Великие и сложные мировые события не могут быть до конца поняты теми, кто не привлекает для познания мира всех необходимых вспомогательных средств, в первую очередь - научных познаний. Поэтому драматургу и режиссеру в процессе создания спектакля необходимы научные знания. Однако в искусстве они должны преломляться своеобразным образом. «Сколько бы в произведении искусства ни заключалось научного знания, оно должно быть полностью преобразовано в искусство. Усвоение его как раз и дает ту радость, которая возбуждается произведением искусства»[73].

Будучи сам рационалистом, Брехт и от актеров своего театра требует критического отношения к персонажам в процессе создания образа. Из необходимости такого критического отношения рождается принцип «остранения» и «эффект очуждения». У зрителя также должно сформироваться критическое отношение к происходящему на сцене. «Цель техники «эффекта очуждения» — внушить зрителю аналитическое, критическое отношение к изображаемым событиям. Средства — художественные. Предпосылкой применения «эффекта очуждения» для названной цели является освобождение сцены и зрительного зала от всего «магического», уничтожение всяких «гипнотических полей»[74].

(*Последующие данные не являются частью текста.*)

Lemma covers_dsum_ge (mu : R) i j :
  0 <= mu -> (j <= l)%N -> (j <= i <= d)%N -> (i - j <= d - l)%N ->
  covers 1%:M KL LamGam mu (d - i) ->
  covering_minimum V K Lam j + covering_minimum W L Gam (i - j) <= mu.
Proof.
move=> mu_ge0 jl /andP[ji le_id] ijl cov.
have ld : (l <= d)%N by rewrite -rV rank_leq_col.
set a := covering_minimum V K Lam j; set b := covering_minimum W L Gam (i - j).
rewrite leNgt; apply/negP => lt_mu; pose e := (a + b - mu) / 2.
have e_gt0 : 0 < e by rewrite /e; lra.
have [lt_a lt_b] : a - e < a /\ b - e < b by rewrite !gtrBl.
have [a1 [U1 [a1V U1V rU1 miss1]]] :=
  covering_minimum_gt_misses (G := Lam) HK K0 lt_a.
have [a2 [U2 [a2W U2W rU2 miss2]]] :=
  covering_minimum_gt_misses (G := Gam) HL L0 lt_b.
have rU12 : (\rank U1 + \rank U2)%N = (d - i)%N by rewrite rU1 rU2 rV rW; lia.
rewrite -rU12 in cov.
have [t [k [y [lam [gam [[/andP[t_ge0 t_le1] Kk Ly Llam Ggam] [hitV hitW]]]]]]] :=
  covers_dsum_split a1V U1V a2W U2W cov.
have t'_ge0 : 0 <= 1 - t by rewrite subr_ge0.
have := miss1 _ _ _ (mulr_ge0 mu_ge0 t_ge0) Kk Llam hitV.
have := miss2 _ _ _ (mulr_ge0 mu_ge0 t'_ge0) Ly Ggam hitW.
by rewrite /e mulrBr mulr1; lra.
Qed.

Hypothesis VW1 : (1%:M <= V + W)%MS.

Lemma covers_dsum (mu : R) i : (i <= d)%N ->
  (forall j, (j <= l)%N -> (j <= i)%N -> (i - j <= d - l)%N ->
     covering_minimum V K Lam j + covering_minimum W L Gam (i - j) < mu) ->
  covers 1%:M KL LamGam mu (d - i).
Proof.
move=> le_id sum_lt a U _ _ rU; set P := proj_mx V W.
have rUPW := mxrank_proj_cap U VW0 VW1; rewrite -/P rU in rUPW.
have rUP : (\rank (U *m P) <= l)%N by rewrite -rV mxrankS ?proj_mx_sub.
have rUW : (\rank (U :&: W) <= d - l)%N by rewrite -rW mxrankS ?capmxSr.
have ld : (l <= d)%N by rewrite -rV rank_leq_col.
set r1 := \rank (U *m P) in rUPW rUP *; set r2 := \rank (U :&: W) in rUPW rUW *.
pose j := (l - r1)%N.
have [ji ijl] : (j <= i)%N /\ (i - j <= d - l)%N by rewrite /j; split; lia.
have rUP_j : \rank (U *m P) = (\rank V - j)%N by rewrite rV /j; lia.
have rUW_j : \rank (U :&: W) = (\rank W - (i - j))%N by rewrite rW /j; lia.
have := sum_lt j (leq_subr _ _) ji ijl.
set aj := covering_minimum V K Lam j; set bj := covering_minimum W L Gam (i - j).
move=> lt_mu.
have aj_ge0 : 0 <= aj by apply: covering_minimum_ge0.
have bj_ge0 : 0 <= bj by apply: covering_minimum_ge0.
pose al := aj + (mu - aj - bj) / 2; pose be := mu - al.
have [lt_al lt_be mu_gt0] : [/\ aj < al, bj < be & 0 < mu].
  by rewrite /be /al; split; lra.
have [k [lam [Kk [Llam hitV]]]] :=
  covers_gt_covering_minimum HK K0 HLam lt_al
    (proj_mx_sub V W a) (proj_mx_sub _ _ U) rUP_j.
have [D eD] := submxP hitV; pose u := D *m U; pose x := a + u.
have xP : x *m P = al *: k + lam by rewrite mulmxDl -mulmxA -eD addrC subrK.
have [y [gam [Ly [Ggam hitW]]]] :=
  covers_gt_covering_minimum HL L0 HGam lt_be
    (proj_mx_compl_sub (submx_trans (submx1 x) VW1)) (capmxSr U W) rUW_j.
exists ((al / mu) *: k + (1 - al / mu) *: y), (lam + gam); split.
  exists k, y, (al / mu); split => //.
  by rewrite divr_ge0 ?ler_pdivrMr ?mul1r /=; rewrite /al; lra.
split; first by exists lam, gam.
rewrite scalerDr !scalerA mulrBr mulr1 mulrCA divff ?gt_eqF // mulr1 -/be.
rewrite addrACA -xP.
have -> : x *m P + (be *: y + gam) - a = u + (be *: y + gam - (x - x *m P)).
  move: (x *m P) (be *: y + gam) => p q; rewrite /x.
  by rewrite opprB (addrC a) opprD !addrA (addrC u q) (addrAC q u p) addrK (addrC q).
by rewrite addmx_sub ?submxMl // (submx_trans hitW) ?capmxSl.
Qed.

End DirectSum.

Unset Implicit Arguments.

Theorem theorem1p2 (R : realType) (d l : nat) (V W : 'M[R]_d)
    (K L Lam Gam : set 'rV[R]_d) :
  \rank V = l -> \rank W = (d - l)%N ->
  (V :&: W == (0 : 'M[R]_d))%MS -> (V + W == (1%:M : 'M[R]_d))%MS ->
  convex_body_in V K -> K 0 -> convex_body_in W L -> L 0 ->
  lattice_in V Lam -> lattice_in W Gam ->
  forall i : nat, (1 <= i <= d)%N ->
    covering_minimum (1%:M : 'M[R]_d) (set_dsum K L) (lattice_dsum Lam Gam) i =
    \big[Num.max/0]_(j < l.+1 | (j <= i)%N && (i - j <= d - l)%N)
       (covering_minimum V K Lam j + covering_minimum W L Gam (i - j)).
Proof.
move=> rV rW /andP[VW0 _] /andP[_ VW1] HK K0 HL L0 HLam HGam i /andP[i_gt0 le_id].
have {VW0}VW0 : (V :&: W = 0)%MS by apply/eqP; rewrite -submx0.
set M := \big[Num.max/0]_(j < l.+1 | _) _.
set T := [set mu | 0 <= mu /\
  covers 1%:M (set_dsum K L) (lattice_dsum Lam Gam) mu (d - i)].
have -> : covering_minimum 1%:M (set_dsum K L) (lattice_dsum Lam Gam) i = inf T.
  by rewrite /covering_minimum mxrank1 gtn_eqF.
have M_ge0 : 0 <= M by apply: bigmax_ge_id.
have T_gt e : 0 < e -> T (M + e).
  move=> e_gt0; split; first exact: addr_ge0 M_ge0 (ltW e_gt0).
  apply: (covers_dsum rV rW VW0 HK K0 HL L0 HLam HGam VW1 le_id) => j jl ji ijl.
  apply: (@le_lt_trans _ _ M); last by rewrite ltrDl.
  by rewrite /M (bigD1 (Ordinal (jl : (j < l.+1)%N))) ?ji ?ijl //= le_max lexx.
have M_lb : lbound T M.
  move=> mu [mu_ge0 cov]; apply: bigmax_le => // j /andP[ji ijl].
  have jl : (j <= l)%N by rewrite -ltnS ltn_ord.
  apply: (covers_dsum_ge rV rW VW0 HK K0 HL L0 HLam HGam mu_ge0 jl _ ijl cov).
  by rewrite ji.
apply/le_anti/andP; split.
  apply/ler_addgt0Pr => e e_gt0; apply: ge_inf (T_gt e e_gt0).
  by exists 0 => mu [].
by apply: lb_le_inf M_lb; exists (M + 1); apply: T_gt.
Qed.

Впрочем, это вовсе не значит, что Брехт совершенно отрицает эмоциональные составляющие театрального образа, представляемого актером и воспринимаемого зрителем.

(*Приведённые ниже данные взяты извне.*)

Lemma dens_close_to_one_cvg_tv_dist :
  dens_close_to_one (fun n => mu n) (fun n => nu n) -> tv n @[n --> \oo] --> 0.
Proof.
move=> dens; apply/cvgr0Pnorm_le => eps eps0.
have eps30 : 0 < eps / 3 by rewrite divr_gt0.
pose dl := Order.min (eps / 3) 1.
have dl0 : 0 < dl by rewrite lt_min eps30 ltr01.
have [dl_eps dl1] : dl <= eps / 3 /\ dl <= 1 by split; rewrite ge_min lexx ?orbT.
have [A [f [mA mf muf close big]]] := dens _ eps30.
near=> n; rewrite ger0_norm ?tv_dist_ge0 //.
apply: le_trans
  (tv_dist_le_of_density (dl := dl) (eps := eps / 3) _ (mA n) (mf n) (muf n) _ _) _.
- by rewrite ltW // dl1.
- by near: n; exact: close.
- by near: n; exact: big.
- by lra.
Unshelve. all: by end_near.
Qed.

Lemma cvg_tv_dist_dens_close_to_one :
  tv n @[n --> \oo] --> 0 -> dens_close_to_one (fun n => mu n) (fun n => nu n).
Proof.
move=> tv0 eps eps0.
(* [harmonic n] keeps [dl n] positive when [tv n] vanishes *)
pose dl n := Num.sqrt (tv n + harmonic n).
have dl_gt0 n : 0 < dl n by rewrite sqrtr_gt0 ltr_wpDl ?tv_dist_ge0 ?harmonic_gt0.
have tv_dl n : tv n <= dl n ^+ 2.
  by rewrite sqr_sqrtr ?addr_ge0 ?tv_dist_ge0 ?harmonic_ge0 // lerDl harmonic_ge0.
have dl_cvg : dl n @[n --> \oo] --> 0.
  rewrite -sqrtr0; apply: (cvg_comp _ _ (cvgD tv0 cvg_harmonic)).
  by rewrite addr0; exact: sqrt_continuous.
have dl_small e : 0 < e -> \forall n \near \oo, dl n <= e.
  move=> e0; apply: filterS ((cvgr0Pnorm_le _).1 dl_cvg e e0) => n.
  by rewrite gtr0_norm.
exists (fun n => ratio_set (mu n) (nu n) (dl n)), (fun n => density_ratio (mu n) (nu n)).
split.
- by move=> n; exact: measurable_ratio_set.
- by move=> n; exact: measurable_funTS (measurable_density_ratio _ _).
- by move=> n B; exact: ratio_set_density.
- move=> delta delta0; apply: filterS (dl_small _ delta0) => n dln x /ratio_set_close.
  by move/le_trans; apply.
- have eps20 : 0 < Order.min (eps / 2) 1 by rewrite lt_min divr_gt0 // ltr01.
  apply: filterS (dl_small _ eps20) => n; rewrite le_min => /andP[dl_eps dl1].
  have := ratio_set_compl_le (dl := dl n) _ (tv_dl n); rewrite dl_gt0 dl1 => /(_ isT).
  rewrite probability_setC; last exact: measurable_ratio_set.
  have mA := measurable_ratio_set (mu n) (nu n) (dl n).
  set v := nu n _; rewrite -[v]fineK ?fin_num_measure //.
  by rewrite -EFinB !lee_fin; lra.
Qed.

End tv_dist_density.

Section bounded_integrals.
Context d (T : measurableType d) (R : realType).
Variables (h : T -> R) (M : R).
Hypotheses (mh : measurable_fun setT h) (hM : forall x, `|h x| <= M).

Lemma bounded_integrable (P : probability T R) : P.-integrable setT (EFin \o h).
Proof.
apply: measurable_bounded_integrable => //.
  by rewrite ltey_eq fin_num_measure.
by exists M; split => [|r Mr x _]; rewrite ?num_real //= (le_trans (hM x)) // ltW.
Qed.

Lemma integralDr_cst (P : probability T R) (c : R) :
  (\int[P]_x (h x + c)%:E = \int[P]_x (h x)%:E + c%:E)%E.
Proof.
under eq_integral do rewrite EFinD.
rewrite integralD //.
- by rewrite integral_cst // [X in (_ * X)%E]probability_setT mule1.
- exact: (bounded_integrable P).
- exact: finite_measure_integrable_cst.
Qed.

Lemma le_integral_tv_dist (mu nu : probability T R) :
  (\int[mu]_x (h x)%:E <= \int[nu]_x (h x)%:E + (2 * M * tv_dist mu nu)%:E)%E.
Proof.
have M0 : 0 <= M by rewrite (le_trans _ (hM point)).
have hM' x : 0 <= h x + M <= 2 * M.
  by have := hM x; rewrite ler_norml => /andP[? ?]; apply/andP; split; lra.
have := le_integral_tv_dist_ge0 mu nu (mulr_ge0 (ler0n _ 2) M0)
  (measurable_funD mh (measurable_cst M)) hM'.
rewrite !integralDr_cst -addeA [(M%:E + _)%E]addeC addeA leeD2rE //.
Qed.

End bounded_integrals.

Lemma cvg_integral_tv_dist d (T : measurableType d) (R : realType)
    (mu nu : nat -> probability T R) (h : T -> R) (M : R) (l : \bar R) :
  measurable_fun setT h -> (forall x, `|h x| <= M) ->
  tv_dist (mu n) (nu n) @[n --> \oo] --> 0 ->
  (\int[nu n]_x (h x)%:E)%E @[n --> \oo] --> l ->
  (\int[mu n]_x (h x)%:E)%E @[n --> \oo] --> l.
Proof.
move=> mh hM tv0 cvg_nu.
pose c n := 2 * M * tv_dist (mu n) (nu n).
have c0 : (fun n => (c n)%:E) @ \oo --> 0%:E.
  apply: cvg_EFin; first exact: nearW.
  by rewrite -(mulr0 (2 * M)); apply: cvgM => //; exact: cvg_cst.
apply: (@squeeze_cvge _ _ _ _ (fun n => \int[nu n]_x (h x)%:E - (c n)%:E)%E _
  (fun n => \int[nu n]_x (h x)%:E + (c n)%:E)%E).
- apply: nearW => n; rewrite leeBlDr // le_integral_tv_dist // andbT.
  by rewrite /c tv_distC; exact: le_integral_tv_dist.
- rewrite -[l]adde0 -oppe0.
  by apply: (cvgeB _ cvg_nu c0); rewrite oppe0 fin_num_adde_defl.
- by rewrite -[l]adde0; apply: (cvgeD _ cvg_nu c0); rewrite fin_num_adde_defl.
Qed.

Section law.
Context (R : realType) d (Om : measurableType d) dS (S : measurableType dS).
Variables (P : probability Om R) (X : Om -> S).
Hypothesis mX : measurable_fun setT X.

Definition law_prob : probability S R :=
  distribution P (mfun_Sub (mem_set mX : X \in mfun)).

Lemma integral_law_prob (h : S -> R) (M : R) : measurable_fun setT h ->
  (forall y, `|h y| <= M) ->
  (\int[law_prob]_y (h y)%:E = \int[P]_w (h (X w))%:E)%E.
Proof.
move=> mh hM; rewrite (integral_distribution (f := EFin \o h)) //.
  exact/measurable_EFinP.
exact: bounded_integrable (measurableT_comp mh mX) (fun w => hM (X w)) P.
Qed.

End law.

Lemma tv_dist_law_prob_le (R : realType) d (T : measurableType d)
    d' (T' : measurableType d') (mu nu : probability T R) (g : T -> T')
    (mg : measurable_fun setT g) :
  tv_dist (law_prob mu mg) (law_prob nu mg) <= tv_dist mu nu.
Proof.
apply: tv_dist_le => B mB; rewrite /= /pushforward.
by apply: le_tv_dist; rewrite -[_ @^-1` _]setTI; exact: mg.
Qed.

Lemma continuous_measurable_borel (S S' : ptopologicalType) (g : S -> S') :
  continuous g -> measurable_fun setT (g : borel S -> borel S').
Proof.
move=> cg; apply: (@measurability _ _ (borel S) (borel S') setT g (@open S')) => //.
move=> _ [A oA <-]; rewrite setTI; apply: sub_sigma_algebra.
exact: open_comp.
Qed.

Lemma continuous_measurable_borelR (R : realType) (S : ptopologicalType) (h : S -> R) :
  continuous h -> measurable_fun setT (h : borel S -> R).
Proof.
move=> ch; apply: (@measurability _ _ (borel S) _ setT h (@RGenOpens.G R)).
  exact: RGenOpens.measurableE.
move=> _ [_ [a [b ->]] <-]; rewrite setTI; apply: sub_sigma_algebra.
by apply: open_comp => //; exact: interval_open.
Qed.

«Вживание», «вчувствование» Брехт признает, но только как необходимый и вовсе не достаточный этап в создании актером достоверного образа. Подобное «вживание» не должно привести к полному отречению от собственного образа в пользу образа персонажа. Это не полное вживание, которое после оказывает суггестивное воздействие на зрителя. «Зрителей «зачаровывали»[75]. Брехт не против «вживания», но к нему нужно добавить «отношение к образу, в который вы вживаетесь, его общественную оценку»[76]. Ни на одно мгновенье нельзя допускать полного превращения актера в изображаемый персонаж. Актер выходит на сцену сразу в двух ролях – персонажа и себя, изображающего персонажа, повествующего о нем, и именно потому такой метод исполнения назван «эпическим»[77]. Актер неким образом относится к своему персонажу и не только не скрывает своего отношения, но и демонстрирует свою оценку; актер знает, что произойдет с персонажем на протяжении действия, как-то относится к происходящему и, исходя из этого, играет так чтобы намеренно показать зрителю – персонаж поступает так, а не эдак. Актер «обязательно должен рассмотреть само содержание текста как нечто не совсем естественное, должен подвергнуть его сомнению и сопоставить все это со своими взглядами по общим вопросам, а также предположить, какие возможны иные высказывания на ту же тему; словом, он должен действовать, как человек, которому все это в диковинку»[78].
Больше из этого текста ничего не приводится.